* [WHAT THE EXERCISE ASKS]: Give again, word for word, every line in the entries below from the line with "forall S : G" up to and including the line with "the set U of", and no other line.
»»
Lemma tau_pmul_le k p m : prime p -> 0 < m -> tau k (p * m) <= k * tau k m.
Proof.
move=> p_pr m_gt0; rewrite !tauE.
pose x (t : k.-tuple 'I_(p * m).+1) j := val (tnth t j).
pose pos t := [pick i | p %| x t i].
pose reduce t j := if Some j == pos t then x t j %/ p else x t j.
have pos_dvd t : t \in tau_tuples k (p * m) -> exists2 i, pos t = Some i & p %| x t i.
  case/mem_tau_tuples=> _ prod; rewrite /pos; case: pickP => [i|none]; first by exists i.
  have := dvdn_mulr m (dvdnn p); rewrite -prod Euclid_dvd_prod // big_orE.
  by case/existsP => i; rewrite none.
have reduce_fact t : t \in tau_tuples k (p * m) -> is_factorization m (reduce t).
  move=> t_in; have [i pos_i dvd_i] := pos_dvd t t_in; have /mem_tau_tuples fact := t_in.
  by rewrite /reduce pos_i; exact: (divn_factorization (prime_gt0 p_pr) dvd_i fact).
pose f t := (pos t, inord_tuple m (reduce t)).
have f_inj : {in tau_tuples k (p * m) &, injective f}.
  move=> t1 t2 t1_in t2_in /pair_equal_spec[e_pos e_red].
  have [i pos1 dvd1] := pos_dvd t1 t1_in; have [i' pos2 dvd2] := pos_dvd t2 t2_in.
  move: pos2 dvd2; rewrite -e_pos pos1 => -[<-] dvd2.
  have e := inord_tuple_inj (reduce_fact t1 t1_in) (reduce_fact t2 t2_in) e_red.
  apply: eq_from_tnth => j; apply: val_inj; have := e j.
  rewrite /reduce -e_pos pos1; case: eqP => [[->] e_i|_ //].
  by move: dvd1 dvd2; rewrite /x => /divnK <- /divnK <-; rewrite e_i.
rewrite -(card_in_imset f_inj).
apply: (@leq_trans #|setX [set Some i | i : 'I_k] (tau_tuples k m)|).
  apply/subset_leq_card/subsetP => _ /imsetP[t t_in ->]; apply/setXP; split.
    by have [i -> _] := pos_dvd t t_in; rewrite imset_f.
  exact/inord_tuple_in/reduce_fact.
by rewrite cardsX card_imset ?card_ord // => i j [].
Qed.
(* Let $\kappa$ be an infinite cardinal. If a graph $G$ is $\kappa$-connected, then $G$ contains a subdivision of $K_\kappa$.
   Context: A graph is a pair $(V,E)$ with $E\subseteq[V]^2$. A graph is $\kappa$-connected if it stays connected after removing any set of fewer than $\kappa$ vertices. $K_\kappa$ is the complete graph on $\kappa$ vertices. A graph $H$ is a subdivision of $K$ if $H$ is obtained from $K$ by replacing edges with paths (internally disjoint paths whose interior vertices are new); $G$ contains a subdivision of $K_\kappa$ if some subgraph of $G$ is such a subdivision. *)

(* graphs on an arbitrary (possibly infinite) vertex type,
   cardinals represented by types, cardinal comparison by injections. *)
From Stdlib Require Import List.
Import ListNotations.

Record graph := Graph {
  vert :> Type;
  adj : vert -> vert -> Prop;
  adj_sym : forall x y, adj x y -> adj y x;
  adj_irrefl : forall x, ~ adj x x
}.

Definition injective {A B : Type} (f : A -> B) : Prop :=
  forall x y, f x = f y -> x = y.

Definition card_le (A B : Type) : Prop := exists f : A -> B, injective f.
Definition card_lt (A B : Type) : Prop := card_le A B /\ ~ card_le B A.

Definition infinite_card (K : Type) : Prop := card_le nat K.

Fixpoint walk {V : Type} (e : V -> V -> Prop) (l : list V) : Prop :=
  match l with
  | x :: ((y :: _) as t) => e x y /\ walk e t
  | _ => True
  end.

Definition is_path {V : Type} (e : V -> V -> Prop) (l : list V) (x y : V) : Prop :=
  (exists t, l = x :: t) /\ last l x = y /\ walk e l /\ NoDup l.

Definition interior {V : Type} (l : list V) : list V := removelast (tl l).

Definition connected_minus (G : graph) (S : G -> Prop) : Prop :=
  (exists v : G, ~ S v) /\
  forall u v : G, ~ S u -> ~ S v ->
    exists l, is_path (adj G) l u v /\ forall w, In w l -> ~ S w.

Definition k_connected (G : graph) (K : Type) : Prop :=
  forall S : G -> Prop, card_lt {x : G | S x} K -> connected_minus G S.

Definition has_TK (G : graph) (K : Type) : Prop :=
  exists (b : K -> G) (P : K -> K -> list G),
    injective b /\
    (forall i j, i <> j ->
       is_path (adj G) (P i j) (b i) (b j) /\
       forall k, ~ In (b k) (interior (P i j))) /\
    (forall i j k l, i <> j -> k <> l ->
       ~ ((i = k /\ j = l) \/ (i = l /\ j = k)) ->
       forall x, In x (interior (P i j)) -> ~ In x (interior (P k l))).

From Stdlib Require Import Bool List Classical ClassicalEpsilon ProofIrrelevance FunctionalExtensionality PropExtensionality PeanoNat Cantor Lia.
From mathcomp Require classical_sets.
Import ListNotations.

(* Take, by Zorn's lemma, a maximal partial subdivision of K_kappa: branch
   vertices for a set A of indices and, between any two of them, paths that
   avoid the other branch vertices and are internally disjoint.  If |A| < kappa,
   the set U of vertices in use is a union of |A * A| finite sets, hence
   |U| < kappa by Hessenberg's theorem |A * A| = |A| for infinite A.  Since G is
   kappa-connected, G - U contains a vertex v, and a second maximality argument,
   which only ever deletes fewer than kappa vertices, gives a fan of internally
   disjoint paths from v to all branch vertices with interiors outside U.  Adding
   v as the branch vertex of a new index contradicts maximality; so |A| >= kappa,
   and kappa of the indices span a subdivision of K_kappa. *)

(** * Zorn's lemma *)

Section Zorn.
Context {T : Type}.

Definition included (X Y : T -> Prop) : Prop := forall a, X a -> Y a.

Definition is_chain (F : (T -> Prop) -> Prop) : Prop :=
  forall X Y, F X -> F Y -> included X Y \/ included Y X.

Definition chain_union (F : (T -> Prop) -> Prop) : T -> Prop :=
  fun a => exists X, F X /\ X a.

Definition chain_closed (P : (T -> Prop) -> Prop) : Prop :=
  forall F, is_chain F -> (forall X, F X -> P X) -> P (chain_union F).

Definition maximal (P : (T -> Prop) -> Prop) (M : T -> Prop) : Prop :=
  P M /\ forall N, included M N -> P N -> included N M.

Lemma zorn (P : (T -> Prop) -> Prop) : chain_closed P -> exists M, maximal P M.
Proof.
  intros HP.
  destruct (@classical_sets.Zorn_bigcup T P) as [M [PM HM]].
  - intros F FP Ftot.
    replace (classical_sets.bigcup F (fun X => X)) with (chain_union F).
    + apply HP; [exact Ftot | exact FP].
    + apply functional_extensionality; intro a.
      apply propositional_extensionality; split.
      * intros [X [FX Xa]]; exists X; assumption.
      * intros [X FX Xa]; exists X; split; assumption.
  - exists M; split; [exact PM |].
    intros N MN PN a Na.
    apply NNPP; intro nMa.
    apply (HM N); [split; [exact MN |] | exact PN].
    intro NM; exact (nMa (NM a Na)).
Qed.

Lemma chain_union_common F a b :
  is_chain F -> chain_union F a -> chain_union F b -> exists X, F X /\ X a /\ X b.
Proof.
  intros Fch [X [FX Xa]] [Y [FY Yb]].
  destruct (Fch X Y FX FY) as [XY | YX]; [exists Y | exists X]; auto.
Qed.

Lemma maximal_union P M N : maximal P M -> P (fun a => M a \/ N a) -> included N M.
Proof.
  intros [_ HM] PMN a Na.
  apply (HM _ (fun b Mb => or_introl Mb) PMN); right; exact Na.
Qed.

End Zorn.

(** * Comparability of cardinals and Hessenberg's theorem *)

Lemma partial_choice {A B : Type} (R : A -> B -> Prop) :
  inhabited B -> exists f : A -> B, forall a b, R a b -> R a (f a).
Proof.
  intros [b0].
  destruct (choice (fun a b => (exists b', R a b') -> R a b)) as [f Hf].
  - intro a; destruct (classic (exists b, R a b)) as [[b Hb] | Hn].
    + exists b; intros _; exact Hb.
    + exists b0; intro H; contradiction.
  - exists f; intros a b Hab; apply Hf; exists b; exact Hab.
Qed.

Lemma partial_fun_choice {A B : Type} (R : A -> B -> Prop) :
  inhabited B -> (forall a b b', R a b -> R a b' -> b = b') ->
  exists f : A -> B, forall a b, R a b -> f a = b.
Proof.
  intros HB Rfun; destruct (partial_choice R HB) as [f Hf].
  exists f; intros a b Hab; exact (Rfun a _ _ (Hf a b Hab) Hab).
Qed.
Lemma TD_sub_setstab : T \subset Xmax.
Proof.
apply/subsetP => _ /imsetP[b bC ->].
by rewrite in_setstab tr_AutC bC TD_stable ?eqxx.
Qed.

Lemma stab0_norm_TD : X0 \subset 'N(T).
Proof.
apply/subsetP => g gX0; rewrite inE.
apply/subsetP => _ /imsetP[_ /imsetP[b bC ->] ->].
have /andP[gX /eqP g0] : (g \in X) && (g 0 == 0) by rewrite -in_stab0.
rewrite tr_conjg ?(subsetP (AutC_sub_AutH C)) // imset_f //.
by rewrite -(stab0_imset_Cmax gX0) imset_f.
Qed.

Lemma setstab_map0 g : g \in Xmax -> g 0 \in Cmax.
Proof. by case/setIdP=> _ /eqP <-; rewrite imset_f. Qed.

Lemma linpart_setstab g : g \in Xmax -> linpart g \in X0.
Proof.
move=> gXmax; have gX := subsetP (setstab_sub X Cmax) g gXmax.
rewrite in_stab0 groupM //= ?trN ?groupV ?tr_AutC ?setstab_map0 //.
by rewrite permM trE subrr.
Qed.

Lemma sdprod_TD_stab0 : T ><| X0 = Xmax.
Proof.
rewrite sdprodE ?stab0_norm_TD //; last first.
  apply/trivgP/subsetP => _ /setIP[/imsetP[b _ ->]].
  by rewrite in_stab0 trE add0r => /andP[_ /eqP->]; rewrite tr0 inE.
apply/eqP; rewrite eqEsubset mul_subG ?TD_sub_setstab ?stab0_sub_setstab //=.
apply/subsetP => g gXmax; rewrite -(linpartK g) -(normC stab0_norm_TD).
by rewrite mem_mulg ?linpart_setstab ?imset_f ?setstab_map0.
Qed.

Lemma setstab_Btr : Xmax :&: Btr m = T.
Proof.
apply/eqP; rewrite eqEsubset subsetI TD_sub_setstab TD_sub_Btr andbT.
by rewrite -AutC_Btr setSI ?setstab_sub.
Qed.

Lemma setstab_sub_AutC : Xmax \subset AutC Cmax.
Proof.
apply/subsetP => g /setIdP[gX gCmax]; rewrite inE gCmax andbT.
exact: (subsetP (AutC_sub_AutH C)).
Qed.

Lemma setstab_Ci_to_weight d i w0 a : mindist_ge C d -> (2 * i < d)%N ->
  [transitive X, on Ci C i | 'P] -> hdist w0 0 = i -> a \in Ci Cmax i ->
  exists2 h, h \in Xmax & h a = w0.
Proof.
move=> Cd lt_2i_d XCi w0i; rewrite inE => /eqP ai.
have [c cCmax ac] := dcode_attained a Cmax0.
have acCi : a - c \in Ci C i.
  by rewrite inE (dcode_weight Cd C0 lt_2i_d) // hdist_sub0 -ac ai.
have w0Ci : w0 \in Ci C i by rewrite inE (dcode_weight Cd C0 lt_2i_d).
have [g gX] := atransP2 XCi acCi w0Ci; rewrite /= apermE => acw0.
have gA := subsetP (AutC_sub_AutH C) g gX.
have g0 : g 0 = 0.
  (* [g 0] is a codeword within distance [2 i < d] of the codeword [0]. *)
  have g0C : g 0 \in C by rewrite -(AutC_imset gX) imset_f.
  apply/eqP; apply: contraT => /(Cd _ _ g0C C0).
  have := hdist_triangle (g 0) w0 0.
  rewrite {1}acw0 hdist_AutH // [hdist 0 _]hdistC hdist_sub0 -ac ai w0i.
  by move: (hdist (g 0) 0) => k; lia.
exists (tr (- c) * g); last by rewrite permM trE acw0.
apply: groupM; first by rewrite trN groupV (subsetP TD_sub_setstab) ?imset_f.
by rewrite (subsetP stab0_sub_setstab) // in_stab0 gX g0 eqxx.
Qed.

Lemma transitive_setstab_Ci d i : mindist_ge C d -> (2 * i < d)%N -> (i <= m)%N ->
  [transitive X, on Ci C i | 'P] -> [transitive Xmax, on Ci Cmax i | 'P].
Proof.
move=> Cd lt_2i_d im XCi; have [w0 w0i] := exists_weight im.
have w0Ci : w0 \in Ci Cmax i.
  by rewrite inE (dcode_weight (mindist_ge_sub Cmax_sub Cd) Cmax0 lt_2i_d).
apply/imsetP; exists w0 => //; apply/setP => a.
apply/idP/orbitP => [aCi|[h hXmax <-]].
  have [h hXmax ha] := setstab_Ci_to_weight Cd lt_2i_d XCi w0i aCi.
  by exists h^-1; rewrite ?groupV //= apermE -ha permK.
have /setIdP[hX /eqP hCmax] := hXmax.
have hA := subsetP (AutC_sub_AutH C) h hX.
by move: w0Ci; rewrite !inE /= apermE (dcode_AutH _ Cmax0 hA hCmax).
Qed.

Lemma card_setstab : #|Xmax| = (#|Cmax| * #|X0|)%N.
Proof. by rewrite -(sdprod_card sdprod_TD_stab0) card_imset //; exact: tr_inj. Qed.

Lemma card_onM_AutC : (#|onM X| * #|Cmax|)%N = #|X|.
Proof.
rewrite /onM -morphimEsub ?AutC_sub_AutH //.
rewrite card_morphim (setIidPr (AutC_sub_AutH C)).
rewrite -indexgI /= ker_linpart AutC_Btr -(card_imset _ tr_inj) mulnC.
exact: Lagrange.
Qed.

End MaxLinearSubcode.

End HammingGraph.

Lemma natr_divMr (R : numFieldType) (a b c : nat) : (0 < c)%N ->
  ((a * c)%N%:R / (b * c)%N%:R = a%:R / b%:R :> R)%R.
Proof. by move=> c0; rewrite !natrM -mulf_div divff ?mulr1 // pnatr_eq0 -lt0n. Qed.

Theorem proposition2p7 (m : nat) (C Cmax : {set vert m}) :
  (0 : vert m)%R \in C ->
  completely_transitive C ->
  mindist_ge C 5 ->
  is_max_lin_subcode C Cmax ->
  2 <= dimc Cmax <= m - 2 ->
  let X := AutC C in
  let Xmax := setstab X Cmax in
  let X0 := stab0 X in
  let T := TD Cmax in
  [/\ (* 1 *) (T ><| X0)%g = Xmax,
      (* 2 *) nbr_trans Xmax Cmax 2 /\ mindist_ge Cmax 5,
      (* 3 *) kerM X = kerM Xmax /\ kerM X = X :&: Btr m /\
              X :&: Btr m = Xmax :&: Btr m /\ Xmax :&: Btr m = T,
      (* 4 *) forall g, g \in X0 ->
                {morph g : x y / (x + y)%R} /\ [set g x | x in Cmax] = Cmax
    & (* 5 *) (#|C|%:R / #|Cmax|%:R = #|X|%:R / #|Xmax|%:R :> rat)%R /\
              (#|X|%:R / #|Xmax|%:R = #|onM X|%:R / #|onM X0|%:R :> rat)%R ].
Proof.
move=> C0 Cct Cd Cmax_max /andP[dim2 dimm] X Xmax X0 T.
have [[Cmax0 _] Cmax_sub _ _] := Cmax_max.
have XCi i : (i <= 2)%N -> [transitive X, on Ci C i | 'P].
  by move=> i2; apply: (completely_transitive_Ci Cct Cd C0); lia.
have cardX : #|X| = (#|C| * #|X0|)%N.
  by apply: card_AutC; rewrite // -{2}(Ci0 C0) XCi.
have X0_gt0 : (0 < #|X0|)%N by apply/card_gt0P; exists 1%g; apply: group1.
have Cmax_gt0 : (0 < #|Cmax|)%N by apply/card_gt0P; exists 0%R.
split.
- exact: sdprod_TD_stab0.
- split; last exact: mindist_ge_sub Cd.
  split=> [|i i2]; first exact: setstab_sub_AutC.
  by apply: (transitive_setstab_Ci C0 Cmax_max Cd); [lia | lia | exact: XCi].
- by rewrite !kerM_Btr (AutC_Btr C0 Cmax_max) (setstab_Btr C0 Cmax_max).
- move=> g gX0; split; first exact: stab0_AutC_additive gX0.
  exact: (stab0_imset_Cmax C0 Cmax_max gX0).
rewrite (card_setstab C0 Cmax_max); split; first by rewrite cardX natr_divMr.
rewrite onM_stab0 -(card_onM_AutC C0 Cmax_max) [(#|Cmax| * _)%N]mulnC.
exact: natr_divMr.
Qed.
««
* [WRITTEN SOLUTION]:
  forall S : G -> Prop, card_lt {x : G | S x} K -> connected_minus G S.

Definition has_TK (G : graph) (K : Type) : Prop :=
  exists (b : K -> G) (P : K -> K -> list G),
    injective b /\
    (forall i j, i <> j ->
       is_path (adj G) (P i j) (b i) (b j) /\
       forall k, ~ In (b k) (interior (P i j))) /\
    (forall i j k l, i <> j -> k <> l ->
       ~ ((i = k /\ j = l) \/ (i = l /\ j = k)) ->
       forall x, In x (interior (P i j)) -> ~ In x (interior (P k l))).

From Stdlib Require Import Bool List Classical ClassicalEpsilon ProofIrrelevance FunctionalExtensionality PropExtensionality PeanoNat Cantor Lia.
From mathcomp Require classical_sets.
Import ListNotations.

(* Take, by Zorn's lemma, a maximal partial subdivision of K_kappa: branch
   vertices for a set A of indices and, between any two of them, paths that
   avoid the other branch vertices and are internally disjoint.  If |A| < kappa,
   the set U of vertices in use is a union of |A * A| finite sets, hence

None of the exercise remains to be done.